## WORK ORDER
Repeat verbatim, and only, the lines of the data below, beginning at the line that contains "P s0 -> \sum_(s" and stopping after the line that contains "rewrite /pool (bigD1".

*** SOURCE MATERIAL ***

(* Let $S$ be a finite set of states and $N=I=\{1,\ldots,n\}$ a set of individuals, and let $p_1,\ldots,p_n\in\Delta(S)$ be individual beliefs. A profile $(\rho_1,\ldots,\rho_n)\in\Delta(S)^n$ is a (pure-strategy) Nash equilibrium of the log utility preference revelation game $(\Delta(S),U_{p_i})_{i\in N}$ if and only if there is a parimutuel equilibrium with equal wealth $(\rho,\mathbf{x})$ of the parimutuel market $(\mathbb{R}^S_+,p_i)_{i\in N}$ such that \[\rho_{is}=\frac{\rho_s x_{is}}{\sum_{s'\in S}\rho_{s'}x_{is'}}\quad\text{for all } i\in N,\ s\in S.\] In particular, in that case $\frac{1}{n}\sum_{i=1}^n\rho_i=\rho$.
   Context: $\Delta(S)$ is the set of probability distributions on $S$. The log utility preference revelation game for the profile $(p_1,\ldots,p_n)$ is the normal-form game in which each player $i\in N$ has strategy space $\Delta(S)$ and payoff function \[U_{p_i}(\rho_1,\ldots,\rho_n)=\sum_{s\in S}p_{i,s}\log\Big(\frac{1}{n}\sum_{j=1}^n\rho_{j,s}\Big),\] with the convention $0\times\log 0=0$ (payoffs may equal $-\infty$). (This is the payoff obtained when society aggregates reported beliefs by the symmetric linear opinion pool $f(\rho_1,\ldots,\rho_n)=\frac1n\sum_j\rho_j$ and then chooses the portfolio maximizing expected log utility over $\{x\in\mathbb{R}^S_+:\sum_s x_s=1\}$, whose optimum is $x=f(\rho)$.) The parimutuel market $(\mathbb{R}^S_+,p_i)_{i\in N}$ consists of consumers $i\in N$, each with consumption set $\mathbb{R}^S_+$ and linear utility $x\mapsto p_i\cdot x$. A parimutuel equilibrium with equal wealth is a pair $(\rho,\mathbf{x})$ with $\rho\in\Delta(S)$ (a price vector) and $\mathbf{x}=(x_1,\ldots,x_n)\in(\mathbb{R}^S_+)^N$ such that (1) for each $i$, $\rho\cdot x_i\le 1/n$ and $p_i\cdot x_i\ge p_i\cdot y$ for every $y\in\mathbb{R}^S_+$ with $\rho\cdot y\le 1/n$; and (2) $\sum_{i=1}^n x_i=(1,\ldots,1)$. *)

From HB Require Import structures.
From mathcomp Require Import all_boot all_order all_algebra.
From mathcomp Require Import all_classical all_reals all_analysis.
Set Implicit Arguments. Unset Strict Implicit. Unset Printing Implicit Defensive.
Import Order.TTheory GRing.Theory Num.Theory.
Local Open Scope ring_scope.

Section Defs.
Variables (R : realType) (S : finType).

Definition is_distr (q : S -> R) : Prop :=
  (forall s, 0 <= q s) /\ \sum_(s : S) q s = 1.

Definition dotS (a b : S -> R) : R := \sum_(s : S) a s * b s.

Definition pool (n : nat) (rho : 'I_n -> S -> R) : S -> R :=
  fun s => n%:R^-1 * \sum_(j < n) rho j s.

(* p_s * log(a_s) with convention 0 * log 0 = 0 (and p_s*log 0 = -oo if p_s > 0) *)
Definition plog (ps a : R) : \bar R :=
  if ps == 0 then 0%E
  else if 0 < a then (ps * ln a)%:E else -oo%E.

Definition log_payoff (n : nat) (p : S -> R) (rho : 'I_n -> S -> R) : \bar R :=
  (\sum_(s : S) plog (p s) (pool rho s))%E.

Definition deviate (n : nat) (rho : 'I_n -> S -> R) (i : 'I_n) (sigma : S -> R)
  : 'I_n -> S -> R := fun j => if j == i then sigma else rho j.

Definition nash_eq (n : nat) (p : 'I_n -> S -> R) (rho : 'I_n -> S -> R) : Prop :=
  (forall i, is_distr (rho i)) /\
  forall i sigma, is_distr sigma ->
    (log_payoff (p i) (deviate rho i sigma) <= log_payoff (p i) rho)%E.

Definition parimutuel_eq (n : nat) (p : 'I_n -> S -> R)
    (price : S -> R) (x : 'I_n -> S -> R) : Prop :=
  is_distr price /\
  (forall i s, 0 <= x i s) /\
  (forall i, dotS price (x i) <= n%:R^-1 /\
     forall y : S -> R, (forall s, 0 <= y s) -> dotS price y <= n%:R^-1 ->
       dotS (p i) y <= dotS (p i) (x i)) /\
  (forall s, \sum_(i < n) x i s = 1).

End Defs.

From HB Require Import structures.
From mathcomp Require Import all_boot all_order all_algebra.
From mathcomp Require Import all_classical all_reals all_analysis.
From mathcomp Require Import ring lra.
Import Order.TTheory GRing.Theory Num.Theory.
Set Implicit Arguments. Unset Strict Implicit. Unset Printing Implicit Defensive.
Local Open Scope ring_scope.

(** Player i's payoff, as a function of its own report sigma, is the
    concave function sum_s p_is ln (q_s + (sigma_s - rho_is) / n) of the pooled
    belief q, so rho is a Nash equilibrium iff every rho_i satisfies the first-order
    condition p_is <= A_i q_s for all s, with A_i = sum_s p_is rho_is / q_s.  A linear
    consumer with wealth 1/n facing prices q is at an optimum iff p_is / n <= (p_i . x_i) q_s.
    With x_is = rho_is / (n q_s) the two conditions coincide (A_i = n p_i . x_i), the
    budgets bind, and the market clears because q is the average report; conversely,
    budgets bind in any parimutuel equilibrium, so rho_is = n q_s x_is and the pool of
    the reports is the price. *)

Section LnBounds.
Variable R : realType.

Lemma ln_sub_le (a b : R) : 0 < a -> 0 < b -> ln b - ln a <= b / a - 1.
Proof.
move=> a_gt0 b_gt0; rewrite -ln_div ?posrE // -{1}[b / a](subrK 1) addrC.
by apply: le_ln1Dx; rewrite ltrBrDl subrr divr_gt0.
Qed.

Lemma ln_sub_ge (a b : R) : 0 < a -> 0 < b -> (b - a) / b <= ln b - ln a.
Proof.
move=> a_gt0 b_gt0; rewrite mulrBl divff ?gt_eqF //.
by have := ln_sub_le b_gt0 a_gt0; lra.
Qed.

End LnBounds.

Section SupportSums.
Variables (R : realType) (S : finType) (p q q' : S -> R).
Hypotheses (p_ge0 : forall s, 0 <= p s) (q_gt0 : forall s, p s != 0 -> 0 < q s)
  (q'_gt0 : forall s, p s != 0 -> 0 < q' s).

Lemma sum_ln_sub_le :
  \sum_(s | p s != 0) p s * ln (q' s) - \sum_(s | p s != 0) p s * ln (q s)
  <= \sum_(s | p s != 0) p s * (q' s - q s) / q s.
Proof.
rewrite -sumrB; apply: ler_sum => s ps; rewrite -mulrBr -mulrA ler_wpM2l //.
by rewrite mulrBl divff ?gt_eqF ?q_gt0 // ln_sub_le ?q_gt0 ?q'_gt0.
Qed.

Lemma sum_ln_sub_ge :
  \sum_(s | p s != 0) p s * (q' s - q s) / q' s
  <= \sum_(s | p s != 0) p s * ln (q' s) - \sum_(s | p s != 0) p s * ln (q s).
Proof.
rewrite -sumrB; apply: ler_sum => s ps; rewrite -mulrBr -mulrA ler_wpM2l //.
by rewrite ln_sub_ge ?q_gt0 ?q'_gt0.
Qed.

End SupportSums.

Section Distributions.
Variables (R : realType) (S : finType).

Definition point_mass (s0 : S) : S -> R := fun s => (s == s0)%:R.

Lemma sum_mul_point_mass (P : pred S) (F : S -> R) s0 :
  P s0 -> \sum_(s | P s) F s * point_mass s0 s = F s0.
Proof.
move=> Ps0; rewrite (bigD1 s0) //= /point_mass eqxx mulr1 big1 ?addr0 //.
by move=> s /andP[_ /negbTE ->]; rewrite mulr0.
Qed.

Lemma dotS_point_mass (a : S -> R) c s0 :
  dotS a (fun s => c * point_mass s0 s) = c * a s0.
Proof.
rewrite /dotS -(sum_mul_point_mass (fun s => c * a s) (P := predT)) //.
by apply: eq_bigr => s _; rewrite mulrCA mulrA.
Qed.

Lemma is_distr_point_mass s0 : is_distr (point_mass s0).
Proof.
split=> [s|]; first exact: ler0n.
by under eq_bigr do rewrite -[point_mass _ _]mul1r; rewrite sum_mul_point_mass.
Qed.

Lemma is_distr_mix (a b : S -> R) t : 0 <= t <= 1 -> is_distr a -> is_distr b ->
  is_distr (fun s => (1 - t) * a s + t * b s).
Proof.
move=> /andP[t_ge0 t_le1] [a_ge0 a_sum] [b_ge0 b_sum]; split=> [s|].
  by rewrite addr_ge0 ?mulr_ge0 ?subr_ge0.
by rewrite big_split /= -!mulr_sumr a_sum b_sum !mulr1 subrK.
Qed.

Lemma support_gt0 (p q : S -> R) c : (forall s, 0 <= p s) -> (forall s, 0 <= q s) ->
  (forall s, p s <= c * q s) -> forall s, p s != 0 -> 0 < q s.
Proof.
move=> p_ge0 q_ge0 p_le s ps; rewrite lt_def q_ge0 andbT.
apply: contra_neq ps => q0; apply/le_anti; rewrite p_ge0 andbT.
by rewrite (le_trans (p_le s)) // q0 mulr0.
Qed.

End Distributions.

Arguments point_mass {R S} s0 _.

Section Pool.
Variables (R : realType) (S : finType) (n : nat).
Implicit Types (rho : 'I_n -> S -> R) (i : 'I_n) (s : S).

Lemma pool_deviate_sub rho i sigma s :
  pool (deviate rho i sigma) s - pool rho s = n%:R^-1 * (sigma s - rho i s).
Proof.
rewrite /pool (bigD1 i) //= [in X in _ - X](bigD1 i) //= /deviate eqxx.
rewrite (eq_bigr (fun j => rho j s)); last by move=> j /negbTE ->.
ring.
Qed.

Lemma pool_ge rho i s : (forall j, 0 <= rho j s) -> n%:R^-1 * rho i s <= pool rho s.
Proof.
move=> rho_ge0; rewrite /pool ler_wpM2l ?invr_ge0 ?ler0n //.
by rewrite (bigD1 i) //= lerDl sumr_ge0.
Qed.

Lemma is_distr_pool rho : (0 < n)%N -> (forall j, is_distr (rho j)) -> is_distr (pool rho).
Proof.
move=> n_gt0 rho_distr; split=> [s|].
  by rewrite /pool mulr_ge0 ?invr_ge0 ?ler0n ?sumr_ge0 // => j _; case: (rho_distr j).
rewrite /pool -mulr_sumr exchange_big /=.
rewrite (eq_bigr (fun=> 1)) => [|j _]; last by case: (rho_distr j).
by rewrite sumr_const card_ord mulVf // pnatr_eq0 -lt0n.
Qed.

End Pool.

Section LogPayoff.
Variables (R : realType) (S : finType) (n : nat) (p : S -> R) (rho : 'I_n -> S -> R).

Lemma log_payoffE : (forall s, p s != 0 -> 0 < pool rho s) ->
  log_payoff p rho = (\sum_(s | p s != 0) p s * ln (pool rho s))%:E.
Proof.
move=> pool_gt0; rewrite big_mkcond /log_payoff -sumEFin; apply: eq_bigr => s _.
by rewrite /plog; case: eqP => //= /eqP ps; rewrite pool_gt0.
Qed.

Lemma log_payoff_Ny s : p s != 0 -> pool rho s <= 0 -> log_payoff p rho = -oo%E.
Proof.
move=> ps pool_le0; rewrite /log_payoff (bigD1 s) //= /plog (negbTE ps).
by rewrite ltNge pool_le0 addNye.
Qed.

End LogPayoff.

*** End of SOURCE MATERIAL ***

## TASK ANSWER
  P s0 -> \sum_(s | P s) F s * point_mass s0 s = F s0.
Proof.
move=> Ps0; rewrite (bigD1 s0) //= /point_mass eqxx mulr1 big1 ?addr0 //.
by move=> s /andP[_ /negbTE ->]; rewrite mulr0.
Qed.

Lemma dotS_point_mass (a : S -> R) c s0 :
  dotS a (fun s => c * point_mass s0 s) = c * a s0.
Proof.
rewrite /dotS -(sum_mul_point_mass (fun s => c * a s) (P := predT)) //.
by apply: eq_bigr => s _; rewrite mulrCA mulrA.
Qed.

Lemma is_distr_point_mass s0 : is_distr (point_mass s0).
Proof.
split=> [s|]; first exact: ler0n.
by under eq_bigr do rewrite -[point_mass _ _]mul1r; rewrite sum_mul_point_mass.
Qed.

Lemma is_distr_mix (a b : S -> R) t : 0 <= t <= 1 -> is_distr a -> is_distr b ->
  is_distr (fun s => (1 - t) * a s + t * b s).
Proof.
move=> /andP[t_ge0 t_le1] [a_ge0 a_sum] [b_ge0 b_sum]; split=> [s|].
  by rewrite addr_ge0 ?mulr_ge0 ?subr_ge0.
by rewrite big_split /= -!mulr_sumr a_sum b_sum !mulr1 subrK.
Qed.

Lemma support_gt0 (p q : S -> R) c : (forall s, 0 <= p s) -> (forall s, 0 <= q s) ->
  (forall s, p s <= c * q s) -> forall s, p s != 0 -> 0 < q s.
Proof.
move=> p_ge0 q_ge0 p_le s ps; rewrite lt_def q_ge0 andbT.
apply: contra_neq ps => q0; apply/le_anti; rewrite p_ge0 andbT.
by rewrite (le_trans (p_le s)) // q0 mulr0.
Qed.

End Distributions.

Arguments point_mass {R S} s0 _.

Section Pool.
Variables (R : realType) (S : finType) (n : nat).
Implicit Types (rho : 'I_n -> S -> R) (i : 'I_n) (s : S).

Lemma pool_deviate_sub rho i sigma s :
  pool (deviate rho i sigma) s - pool rho s = n%:R^-1 * (sigma s - rho i s).
Proof.
rewrite /pool (bigD1 i) //= [in X in _ - X](bigD1 i) //= /deviate eqxx.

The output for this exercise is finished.